*What needs to be done*: Report each line of the records where "Heta" occurs.

Stored data entries:
Lemma r_sq_small_near0 (x : R) : 0 < x ->
  forall eta, 0 < eta -> exists e, 0 < e < x /\ r e * r e < eta.
Proof.
  intros Hx eta Heta.
  destruct (r_cont0 (Rmin 1 eta)) as [d [Hd Hnear]]; [apply Rmin_pos; lra|].
  set (e := Rmin (Rmin d x) 1 / 2).
  pose proof (Rmin_l (Rmin d x) 1). pose proof (Rmin_r (Rmin d x) 1).
  pose proof (Rmin_l d x). pose proof (Rmin_r d x).
  assert (0 < Rmin (Rmin d x) 1) by (repeat apply Rmin_pos; lra).
  exists e. split; [unfold e in *; lra|].
  specialize (Hnear e ltac:(unfold Icc01, e in *; lra)
                 ltac:(rewrite Rminus_0_r, Rabs_right; unfold e in *; lra)).
  rewrite r_0, Rminus_0_r in Hnear.
  pose proof (Rmin_l 1 eta). pose proof (Rmin_r 1 eta).
  apply Rabs_def2 in Hnear. nra.
Qed.

Lemma dr'_weighted (x : R) : 0 < x < 1 ->
  dr' x * (x ^ 2 / m + m * k x * (r x * r x))
  = m ^ 2 * (r x * r x) / x + x * (p x * p x) - 2 * r x * p x.
Proof.
  intros Hx.
  transitivity (dr' x * (x ^ 2 / m) + r x * (m * k x * dr' x * r x)); [ring|].
  rewrite <- ode by exact Hx. unfold dr'. field. lra.
Qed.

Lemma dr'_nonneg (x : R) : 0 < x < 1 -> 0 <= dr' x.
Proof.
  intros Hx. pose proof (dr'_weighted x Hx) as E.
  pose proof (sq_combination_nonneg m (r x) (p x) x ltac:(lra) ltac:(lra)).
  assert (0 < x ^ 2 / m) by (apply Rdiv_lt_0_compat; nra).
  assert (0 <= m * k x * (r x * r x)) by (specialize (k_nonneg x Hx); apply Rmult_le_pos; nra).
  apply Rnot_lt_le. intros Hneg. nra.
Qed.

Lemma dr_nondecreasing (x y : R) : 0 < x -> x <= y -> y < 1 -> dr x <= dr y.
Proof.
  intros Hx Hxy Hy. apply (le_of_derive_nonneg dr dr'); [lra| |].
  - intros t Ht. apply dr_derive. lra.
  - intros t Ht. apply dr'_nonneg. lra.
Qed.

Lemma dr_nonneg (x : R) : 0 < x < 1 -> 0 <= dr x.
Proof.
  intros Hx. apply Rnot_lt_le. intros Hneg.
  assert (Hr : r x * r x <= 0).
  { apply (nonpos_of_derive_nonpos (fun s => r s * r s) (fun s => 2 * s * dr s / m)); [lra| | |].
    - intros s Hs. apply r_sq_derive. lra.
    - intros s Hs. assert (dr s <= dr x) by (apply dr_nondecreasing; lra).
      assert (0 < 2 * s / m) by (apply Rdiv_lt_0_compat; lra).
      replace (2 * s * dr s / m) with (2 * s / m * dr s) by (field; lra). nra.
    - apply r_sq_small_near0. lra. }
  assert (Hr0 : r x = 0) by nra.
  unfold dr in Hneg. rewrite Hr0 in Hneg.
  replace (m * 0 * p x / x) with 0 in Hneg by (field; lra). lra.
Qed.

Lemma r_sq_le (x : R) : 0 < x < 1 -> r x * r x <= x ^ 2 * dr x / m.
Proof.
  intros Hx. set (D := dr x). assert (HD : 0 <= D) by (apply dr_nonneg; exact Hx).
  enough (r x * r x - x ^ 2 * D / m <= 0) by lra.
  apply (nonpos_of_derive_nonpos (fun s => r s * r s - s ^ 2 * D / m)
           (fun s => 2 * s * dr s / m - 2 * s * D / m)); [lra| | |].
  - intros s Hs. apply (is_derive_minus (fun s => r s * r s) (fun s => s ^ 2 * D / m));
      [apply r_sq_derive; lra|].
    auto_derive; [exact I|field; lra].
  - intros s Hs. assert (dr s <= D) by (apply dr_nondecreasing; lra).
    assert (0 < 2 * s / m) by (apply Rdiv_lt_0_compat; lra).
    replace (2 * s * dr s / m - 2 * s * D / m) with (2 * s / m * (dr s - D)) by (field; lra). nra.
  - intros eta Heta. destruct (r_sq_small_near0 x ltac:(lra) eta Heta) as [e [He Hsmall]].
    exists e. split; [exact He|].
    assert (0 <= e ^ 2 * D / m) by (apply Rdiv_le_0_compat; nra). lra.
Qed.
Lemma mxderivable_pt_lim_line n (B D : 'M[R]_n) x :
  mxderivable_pt_lim (fun s => B + s *: D) x D.
Proof.
move=> i j; have := derivable_pt_limD (derivable_pt_lim_const (B i j) x)
  (derivable_pt_limM (derivable_pt_lim_id x) (derivable_pt_lim_const (D i j) x)).
rewrite add0r mulr0 addr0 mul1r; apply: derivable_pt_lim_ext => y.
by rewrite !mxE.
Qed.

Lemma horner_char_poly n (A : 'M[R]_n) x : (char_poly A).[x] = \det (x%:M - A).
Proof.
rewrite /char_poly -horner_evalE -det_map_mx; congr (\det _); apply/matrixP => i j.
by rewrite !mxE /= horner_evalE hornerD hornerN hornerMn hornerX hornerC.
Qed.

(* [Q] is the reversed characteristic polynomial of [- M]. *)
Lemma det_1addZ_poly n (M : 'M[R]_n) : exists Q : {poly R},
  (forall h, \det (1%:M + h *: M) = Q.[h]) /\ Q`_1 = \tr M.
Proof.
set K := char_poly (- M).
have size_K : size K = n.+1 by rewrite size_char_poly.
have K_n : K`_n = 1.
  by have := monicP (char_poly_monic (- M)); rewrite lead_coefE size_K.
exists (\sum_(j < n.+1) K`_j *: 'X^(n - j)); split.
  move=> h; rewrite horner_sum.
  under eq_bigr do rewrite hornerZ hornerXn.
  have [->|h_neq0] := eqVneq h 0.
    rewrite scale0r addr0 det1 big_ord_recr /= subnn expr0 mulr1 K_n big1 ?add0r //.
    by move=> [j lt_jn] _ /=; rewrite expr0n /= subn_eq0 leqNgt lt_jn mulr0.
  have -> : 1%:M + h *: M = h *: (h^-1%:M - - M).
    by rewrite scalerDr opprK scale_scalar_mx mulfV.
  rewrite detZ -horner_char_poly horner_coef size_K mulr_sumr.
  apply: eq_bigr => [[j lt_jn]] _ /=.
  by rewrite exprVn exprB ?unitfE // mulrCA.
rewrite coef_sum.
under eq_bigr do rewrite coefZ coefXn.
have K_tr : (0 < n)%N -> K`_n.-1 = \tr M.
  by move=> n_gt0; rewrite /K char_poly_trace // raddfN opprK.
clearbody K; case: n M K size_K K_n K_tr => [|n] M K _ _ K_tr.
  by rewrite big_ord1 /= mulr0 /mxtrace big_ord0.
rewrite big_ord_recr /= subnn /= mulr0 addr0 big_ord_recr /= subSnn /= mulr1.
rewrite big1 ?add0r; first exact: K_tr.
move=> [j lt_jn] _ /=; suff /negbTE -> : (1 != n.+1 - j)%N by rewrite mulr0.
by apply/eqP; lia.
Qed.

*Reply to the exercise*:
  intros Hx eta Heta.
  - intros eta Heta. destruct (r_sq_small_near0 x ltac:(lra) eta Heta) as [e [He Hsmall]].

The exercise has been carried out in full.